Ultra-flexible, nanoelectronic thread (NET) brain probes that can achieve more reliable long-term neural recording than existing probes and don’t prompt scar formation when implanted have been developed by researchers at The University of Texas at Austin.
The probes have mechanical compliances approaching that of the brain tissue and are more than 1,000 times more flexible than other neural probes. This ultra-flexibility leads to an improved ability to reliably record and track the electrical activity of individual neurons for long periods of time.
A team led by Chong Xie, an assistant professor in the Department of Biomedical Engineering in the Cockrell School of Engineering, and Lan Luan, a research scientist in the Cockrell School and the College of Natural Sciences, developed the new probes.
Tracking Individual Neurons
There is a growing interest in developing long-term tracking of individual neurons for neural interface applications, such as extracting neural-control signals for amputees to control high-performance prostheses. It also opens up new possibilities to follow the progression of neurovascular and neurodegenerative diseases such as stroke, Parkinson’s and Alzheimer’s diseases.
One of the problems with conventional probes is their size and mechanical stiffness. Their larger dimensions and stiffer structures often cause damage around the tissue they encompass.
Additionally, while it is possible for the conventional electrodes to record brain activity for months, they often provide unreliable and degrading recordings. It is also challenging for conventional electrodes to electrophysiologically track individual neurons for more than a few days.
In contrast, the UT Austin team’s electrodes are flexible enough that they comply with the microscale movements of tissue and still stay in place. The probe’s size also drastically reduces the tissue displacement, so the brain interface is more stable, and the readings are more reliable for longer periods of time.
The researchers conclude in the paper:
“The unprecedented chronic reliability and stability are expected to fundamentally advance both basic and applied neuroscience, as well as lead to substantial improvement in the brain-machine interface which can be applied to neuroprosthetics. Furthermore, the subcellular dimension probes provide new opportunities for high-density electrical recording by overcoming current physical limitations.”
Tissue Reaction Suppression
To the researchers’ knowledge, the UT Austin probe, which is as small as 10 microns at a thickness below 1 micron, and has a cross-section that is only a fraction of that of a neuron or blood capillary, is the smallest among all neural probes.

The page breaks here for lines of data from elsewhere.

Lemma unif_avg_ge1_eq1 (x : 'I_k -> R[i]) :
  (forall j, x j <= 1) -> 1 <= complex.Re (\sum_j (unif j)%:C * x j) ->
  forall j, x j = 1.
Proof.
move=> x_le1 avg_ge1 j.
have unif_ge0 (i : 'I_k) : 0 <= (unif i)%:C :> R[i] by rewrite ler0c invr_ge0 ler0n.
have gap_ge0 : 0 <= \sum_i (unif i)%:C * (1 - x i).
  by apply: sumr_ge0 => i _; rewrite mulr_ge0 // subr_ge0.
have gapE : \sum_i (unif i)%:C * (1 - x i) = 1 - \sum_i (unif i)%:C * x i.
  by under eq_bigr do rewrite mulrBr mulr1; rewrite sumrB unifC_sum.
have gap0 : \sum_i (unif i)%:C * (1 - x i) = 0.
  have Re_gap : complex.Re (\sum_i (unif i)%:C * (1 - x i)) = 0.
    apply/le_anti; rewrite {1}gapE raddfB /= subr_le0 avg_ge1 /=.
    by move: gap_ge0; rewrite lecE => /andP[].
  by rewrite (ge0_ReE gap_ge0) Re_gap rmorph0.
move/eqP: gap0; rewrite psumr_eq0 => [/allP /(_ j (mem_index_enum _))|i _]; last first.
  by rewrite mulr_ge0 // subr_ge0.
rewrite /= mulf_eq0 fmorph_eq0 invr_eq0 pnatr_eq0 (negbTE (lt0n_neq0 k_gt0)).
by rewrite subr_eq0 => /eqP <-.
Qed.

End UniformWeights.

Lemma tr_mul_pure_proj (R : realType) n (X : 'M[R[i]]_n) (v : 'cV_n) :
  \tr (X *m pure_proj v) = (adj v *m X *m v) 0 0.
Proof. by rewrite /pure_proj mulmxA mxtrace_mulC mulmxA /mxtrace big_ord1. Qed.

Section OrthonormalEnsemble.
Variables (R : realType) (k d : nat) (psi : 'I_k -> 'cV[R[i]]_d).
Hypothesis ortho : orthonormal_vecs psi.
Local Notation C := R[i].
Local Notation rho j := (pure_proj (psi j)).

Definition span_proj : 'M[C]_d := \sum_j rho j.

Lemma adj_psi_mul i j : adj (psi i) *m psi j = (i == j)%:R%:M.
Proof. by apply/matrixP => a b; rewrite !ord1 ortho !mxE eqxx mulr1n. Qed.

Lemma pure_proj_mul i j : rho i *m rho j = (i == j)%:R *: rho i.
Proof.
rewrite /pure_proj mulmxA -(mulmxA (psi i)) adj_psi_mul mul_mx_scalar -scalemxAl.
by case: eqVneq => [->|_]; rewrite ?scale1r ?scale0r.
Qed.

Lemma tr_pure_proj j : \tr (rho j) = 1.
Proof. by rewrite /pure_proj mxtrace_mulC adj_psi_mul eqxx mxtrace_scalar mulr1n. Qed.

Lemma span_proj_mul_pure j : span_proj *m rho j = rho j.
Proof.
rewrite /span_proj mulmx_suml (bigD1 j) //= pure_proj_mul eqxx scale1r.
by rewrite big1 ?addr0 // => i /negbTE neq_ij; rewrite pure_proj_mul neq_ij scale0r.
Qed.

Lemma span_proj_idem : span_proj *m span_proj = span_proj.
Proof.
by rewrite {1}/span_proj mulmx_sumr; apply: eq_bigr => j _; rewrite span_proj_mul_pure.
Qed.

Lemma adj_span_proj : adj span_proj = span_proj.
Proof. by rewrite adj_sum; apply: eq_bigr => j _; rewrite adjM adjK. Qed.

Lemma tr_span_proj : \tr span_proj = k%:R.
Proof.
rewrite raddf_sum /=; under eq_bigr do rewrite tr_pure_proj.
by rewrite sumr_const card_ord.
Qed.

Lemma psd_1_span_proj : psd (1%:M - span_proj).
Proof.
apply: psd_proj; first by rewrite adjB adj1 adj_span_proj.
by rewrite mulmxBl mul1mx mulmxBr mulmx1 span_proj_idem subrr subr0.
Qed.

Lemma psd_span_proj_sub j : psd (span_proj - rho j).
Proof.
rewrite /span_proj (bigD1 j) //= addrAC subrr add0r.
by apply: psd_sum => i _; apply: psd_pure_proj.
Qed.

Lemma avg_state_unif : avg_state unif (fun j => rho j) = (k%:R^-1)%:C *: span_proj.
Proof. by rewrite /avg_state scaler_sumr. Qed.

Hypothesis k_gt0 : (0 < k)%N.

Lemma povm_success_le1 (M : 'I_k -> 'M[C]_d) : is_povm M ->
  complex.Re (\sum_j (unif j)%:C * \tr (M j *m rho j)) <= 1.
Proof.
move=> [psdM sumM].
have le_tr j : \tr (M j *m rho j) <= 1.
  have psd_1M : psd (1%:M - M j).
    rewrite -sumM (bigD1 j) //= addrAC subrr add0r.
    by apply: psd_sum => i _; exact: psdM.
  rewrite -subr_ge0 -(tr_pure_proj j) -raddfB /= -{1}[rho j]mul1mx -mulmxBl.
  by rewrite tr_mul_pure_proj; apply: psd_1M.
have : \sum_j (unif j)%:C * \tr (M j *m rho j) <= \sum_(j < k) (unif j)%:C :> C.
  apply: ler_sum => j _; rewrite -[leRHS]mulr1 ler_wpM2l //.
  by rewrite ler0c invr_ge0 ler0n.
by rewrite unifC_sum // lecE => /andP [].
Qed.

Lemma P_suc_orthonormal_ge1 : 1 <= P_suc unif (fun j => rho j).
Proof.
apply: (@le_sup_ub _ _ 1); first by move=> _ [M [povmM ->]]; apply: povm_success_le1.
pose j0 : 'I_k := Ordinal k_gt0.
exists (fun j => rho j + (j == j0)%:R *: (1%:M - span_proj)); split.
  split=> [j|].
    apply: psdD; first exact: psd_pure_proj.
    by apply: psdZ; [rewrite ler0n | exact: psd_1_span_proj].
  rewrite big_split /= -/span_proj (bigD1 j0) //= scale1r big1 ?addr0.
    by rewrite addrC subrK.
  by move=> j /negbTE ->; rewrite scale0r.
under eq_bigr => j _.
  rewrite mulmxDl mxtraceD -scalemxAl mulmxBl mul1mx span_proj_mul_pure subrr.
  rewrite scaler0 mxtrace0 addr0 pure_proj_mul eqxx scale1r tr_pure_proj mulr1.
over.
by rewrite unifC_sum.
Qed.

Lemma psd_mix_sub_pure (s : R) (tau : 'M[C]_d) j : 0 <= s -> psd tau ->
  psd ((k%:R * (1 + s))%:C *: (((1 + s)^-1)%:C *:
         (avg_state unif (fun j => rho j) + s%:C *: tau)) - rho j).
Proof.
move=> s_ge0 psd_tau.
have s1_neq0 : 1 + s != 0 by rewrite gt_eqF // ltr_pwDl.
have k_neq0 : k%:R != 0 :> R by rewrite pnatr_eq0 -lt0n.
rewrite scalerA -realcM -mulrA (divff s1_neq0) mulr1 scalerDr avg_state_unif.
rewrite scalerA -realcM (divff k_neq0) scale1r scalerA -realcM addrAC.
apply: psdD; first exact: psd_span_proj_sub.
by apply: psdZ => //; rewrite ler0c mulr_ge0.
Qed.

End OrthonormalEnsemble.

Section Robustness.
Variable R : realType.
Local Notation C := R[i].

Definition robust_mix n (rho : 'M[C]_n) (s : R) : Prop :=
  0 <= s /\ exists tau : 'M[C]_n, is_state tau /\
    incoherent (((1 + s)^-1)%:C *: (rho + s%:C *: tau)).

Lemma robustness_ge0 n (rho : 'M[C]_n) : 0 <= robustness rho.
Proof. by apply: inf_ge0 => s []. Qed.

Lemma robustness_le n (rho : 'M[C]_n) s : robust_mix rho s -> robustness rho <= s.
Proof. by apply: inf_le_ge0 => y []. Qed.

Lemma le_robustness n (rho : 'M[C]_n) x : (exists s, robust_mix rho s) ->
  (forall s, robust_mix rho s -> x <= s) -> x <= robustness rho.
Proof. by move=> [s rho_s] lb; apply: lb_le_inf; [exists s | exact: lb]. Qed.

Lemma robust_mix_dominated n (rho sigma : 'M[C]_n) (s : R) :
  is_state rho -> incoherent sigma -> 0 <= s ->
  psd ((1 + s)%:C *: sigma - rho) -> robust_mix rho s.
Proof.
move=> [psd_rho tr_rho] [[psd_sigma tr_sigma] diag_sigma] s_ge0 dom.
have s1_neq0 : 1 + s != 0 by rewrite gt_eqF // ltr_pwDl.
have tr_dom : \tr ((1 + s)%:C *: sigma - rho) = s%:C.
  rewrite raddfB /= mxtraceZ tr_sigma tr_rho mulr1 rmorphD rmorph1.
  by rewrite [1 + _]addrC addrK.
split=> //; have [s0|s_neq0] := eqVneq s 0.
  have rhoE : rho = sigma.
    apply/eqP; rewrite eq_sym -subr_eq0; apply/eqP.
    by move: dom tr_dom; rewrite s0 addr0 rmorph1 scale1r rmorph0; apply: psd_tr_eq0.
  exists rho; rewrite s0 rmorph0 scale0r !addr0 invr1 rmorph1 scale1r rhoE.
  by split=> //; split.
exists ((s^-1)%:C *: ((1 + s)%:C *: sigma - rho)); split.
  split; first by apply: psdZ => //; rewrite ler0c invr_ge0.
  by rewrite mxtraceZ tr_dom -realcM mulVf.
rewrite scalerA -realcM (divff s_neq0) scale1r (addrC rho) (subrK rho).
by rewrite scalerA -realcM (mulVf s1_neq0) scale1r; split=> //; split.
Qed.

Lemma robust_mix_diag_bound n (rho D : 'M[C]_n) (c : R) :
  is_state rho -> psd D -> is_diag_mx D -> 0 <= c -> psd (c%:C *: D - rho) ->
  robust_mix rho (c * complex.Re (\tr D) - 1).
Proof.
move=> state_rho psdD diagD c_ge0 dom.
set T := c * complex.Re (\tr D).
have trD : \tr D = (complex.Re (\tr D))%:C by apply/ge0_ReE/psd_tr_ge0.
have trcD : \tr (c%:C *: D) = T%:C by rewrite mxtraceZ trD -realcM.
have T_ge1 : 1 <= T.
  rewrite -lecR -trcD rmorph1 -subr_ge0 -(proj2 state_rho) -raddfB.
  exact: psd_tr_ge0.
have T_neq0 : T != 0 by rewrite gt_eqF // (lt_le_trans ltr01).
have T1E : 1 + (T - 1) = T by rewrite addrC subrK.
apply: (@robust_mix_dominated n rho ((T^-1 * c)%:C *: D) (T - 1) state_rho).
- split; last exact: is_diag_mxZ.
  split.
    by apply: psdZ => //; rewrite ler0c mulr_ge0 // invr_ge0 (le_trans ler01).
  by rewrite realcM -scalerA mxtraceZ trcD -realcM mulVf.
- by rewrite subr_ge0.
- by rewrite T1E scalerA -realcM (mulVKf T_neq0).
Qed.

End Robustness.

Section OptimalMIO.
Variables (R : realType) (k d : nat) (psi : 'I_k -> 'cV[R[i]]_d).
Hypotheses (k_gt0 : (0 < k)%N) (ortho : orthonormal_vecs psi).
Local Notation C := R[i].
Local Notation rho j := (pure_proj (psi j)).
Local Notation omega := (avg_state unif (fun j => pure_proj (psi j))).

Section FixedMIO.
Variable N : 'M[C]_d -> 'M[C]_(k * d).
Hypothesis mioN : is_MIO N.
Hypothesis optN : complex.Re (\sum_(j < k) (unif j)%:C *
    \tr (N (rho j) *m (delta_mx j j *t (1%:M : 'M[C]_d)))) =
  P_suc unif (fun j => rho j).

Let chN : is_channel N := proj1 mioN.

Lemma psd_block_MIO_out j b : psd (block b (N (rho j))).
Proof. exact/psd_block/(channel_psd chN)/psd_pure_proj. Qed.

Lemma tr_block_MIO_out j : \tr (block j (N (rho j))) = 1.
Proof.
have le1 i : \tr (block i (N (rho i))) <= 1.
  rewrite -(tr_pure_proj ortho i) -(channel_tr chN (rho i)) -(sum_tr_block (N (rho i))).
  rewrite (bigD1 i) //=.
  by rewrite lerDl sumr_ge0 // => b _; apply/psd_tr_ge0/psd_block_MIO_out.
apply: (@unif_avg_ge1_eq1 _ _ k_gt0 (fun i => \tr (block i (N (rho i)))) le1).
rewrite (le_trans (P_suc_orthonormal_ge1 ortho k_gt0)) // -optN.
by under eq_bigr do rewrite tr_mul_delta_tens1.
Qed.

Lemma block_MIO_out_eq0 j b : b != j -> block b (N (rho j)) = 0.
Proof.
move=> neq_bj; apply: psd_tr_eq0; first exact: psd_block_MIO_out.
have : \sum_(i | i != j) \tr (block i (N (rho j))) = 0.
  have := sum_tr_block (N (rho j)).
  rewrite (channel_tr chN) (tr_pure_proj ortho) (bigD1 j) //= tr_block_MIO_out.
  by rewrite -[X in _ = X]addr0 => /addrI.
move/eqP; rewrite psumr_eq0 => [/allP /(_ b (mem_index_enum _))|i _]; last first.
  exact/psd_tr_ge0/psd_block_MIO_out.
by rewrite neq_bj => /eqP.
Qed.

Lemma ptraceB_MIO_out j : ptraceB (N (rho j)) = block j (N (rho j)).
Proof.
rewrite ptraceB_sum_block (bigD1 j) //= big1 ?addr0 // => b.
exact: block_MIO_out_eq0.
Qed.

(* If sigma := (omega + s tau)/(1 + s) is incoherent then so is N sigma, and
   k (1 + s) N sigma dominates N (rho j), whose reduced state is its j-th
   block; so the j-th block of N sigma bounds the robustness of that state. *)
Lemma MIO_avg_robustness_le s : robust_mix omega s ->
  \sum_j unif j * robustness (ptraceB (N (rho j))) <= s.
Proof.
move=> [s_ge0 [tau [[psd_tau _] inc_mix]]].
have [[psd_Y tr_Y] diag_Y] := proj2 mioN _ inc_mix.
set Y := N _ in psd_Y tr_Y diag_Y.
pose t j := complex.Re (\tr (block j Y)).
have t_sum : \sum_j t j = 1.
  apply: complexI; rewrite rmorph_sum rmorph1 -tr_Y -sum_tr_block.
  by apply: eq_bigr => j _; apply/esym/ge0_ReE/psd_tr_ge0/psd_block.
have rob_le j : robustness (ptraceB (N (rho j))) <= k%:R * (1 + s) * t j - 1.
  rewrite ptraceB_MIO_out; apply/robustness_le/robust_mix_diag_bound.
  - by split; [exact: psd_block_MIO_out | exact: tr_block_MIO_out].
  - exact: psd_block.
  - exact: diag_block.
  - by rewrite mulr_ge0 // addr_ge0.
  rewrite -blockZ -blockB -(channelZ chN) -(channelB chN).
  exact/psd_block/(channel_psd chN)/psd_mix_sub_pure.
have unif_ge0 (j : 'I_k) : 0 <= unif j :> R by rewrite invr_ge0 ler0n.
apply: le_trans (ler_sum _ (fun j _ => ler_wpM2l (unif_ge0 j) (rob_le j))) _.
have k_neq0 : k%:R != 0 :> R by rewrite pnatr_eq0 -lt0n.
rewrite /unif; under eq_bigr do rewrite mulrBr mulr1 !mulrA (mulVf k_neq0) mul1r.
by rewrite sumrB -mulr_sumr t_sum mulr1 (unif_sum R k_gt0) addrAC subrr add0r.
Qed.

End FixedMIO.

Lemma eta_MIO_le s : robust_mix omega s -> eta_MIO unif (fun j => rho j) <= s.
Proof.
move=> mix_s; apply: sup_le_ge0 (proj1 mix_s) => _ [N [mioN [optN ->]]].
exact: MIO_avg_robustness_le.
Qed.

Lemma eta_MIO_ge0 s : robust_mix omega s -> 0 <= eta_MIO unif (fun j => rho j).
Proof.
move=> mix_s; apply: (@sup_ge0 _ _ s) => _ [N [mioN [optN ->]]].
  by apply: sumr_ge0 => j _; rewrite mulr_ge0 ?robustness_ge0 // invr_ge0 ler0n.
exact: MIO_avg_robustness_le.
Qed.

End OptimalMIO.

Lemma eigenvalue_scaled_idem (F : fieldType) n (A : 'M[F]_n) c a :
  A *m A = c *: A -> eigenvalue A a -> a = 0 \/ a = c.
Proof.
move=> AA /eigenvalueP [v vA v_neq0].
have vAA : v *m A *m A = (a * a) *: v by rewrite vA -scalemxAl vA scalerA.
have vcA : v *m (A *m A) = (c * a) *: v by rewrite AA -scalemxAr vA scalerA.
have /eqP : (a * a - c * a) *: v = 0 by rewrite scalerBl -vAA -vcA mulmxA subrr.
rewrite scalemx_eq0 (negbTE v_neq0) orbF -mulrBl mulf_eq0 subr_eq0.
by case/orP => /eqP; [right | left].
Qed.

Section Spectrum.
Variables (R : realType) (n : nat).
Implicit Types (A : 'M[R[i]]_n) (lam : 'I_n -> R).

Lemma spectrum_eigenvalue A lam i : spectrum A lam -> eigenvalue A (lam i)%:C.
Proof.
move=> specA; rewrite eigenvalue_root_char specA; apply/rootP.
by rewrite horner_prod (bigD1 i) //= hornerXsubC subrr mul0r.
Qed.

Lemma spectrum_sum A lam : (0 < n)%N -> spectrum A lam -> (\sum_i lam i)%:C = \tr A.
Proof.
move=> n_gt0 specA; set ps := [seq (lam i)%:C | i <- index_enum 'I_n].
have size_ps : size ps = n.
  by rewrite size_map [index_enum _]unlock -enumT size_enum_ord.
have := coefPn_prod_XsubC (ps := ps); rewrite size_ps => /(_ (lt0n_neq0 n_gt0)).
rewrite !big_map -specA char_poly_trace // => /eqP; rewrite eqr_opp => /eqP ->.
by rewrite rmorph_sum.
Qed.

“What we did in our research is prove that we can suppress tissue reaction while maintaining a stable recording,” Xie said. “In our case, because the electrodes are very, very flexible, we don’t see any sign of brain damage—neurons stayed alive even in contact with the NET probes, glial cells remained inactive and the vasculature didn’t become leaky.”
In experiments in mouse models, the researchers found that the probe’s flexibility and size prevented the agitation of glial cells, which is the normal biological reaction to a foreign body and leads to scarring and neuronal loss.
“The most surprising part of our work is that the living brain tissue, the biological system, really doesn’t mind having an artificial device around for months,” Luan said.
The researchers plan to continue testing their probes in animal models and hope to eventually engage in clinical testing.
Funding for the work came from the UT BRAIN seed grant program, the Department of Defense and National Institutes of Health.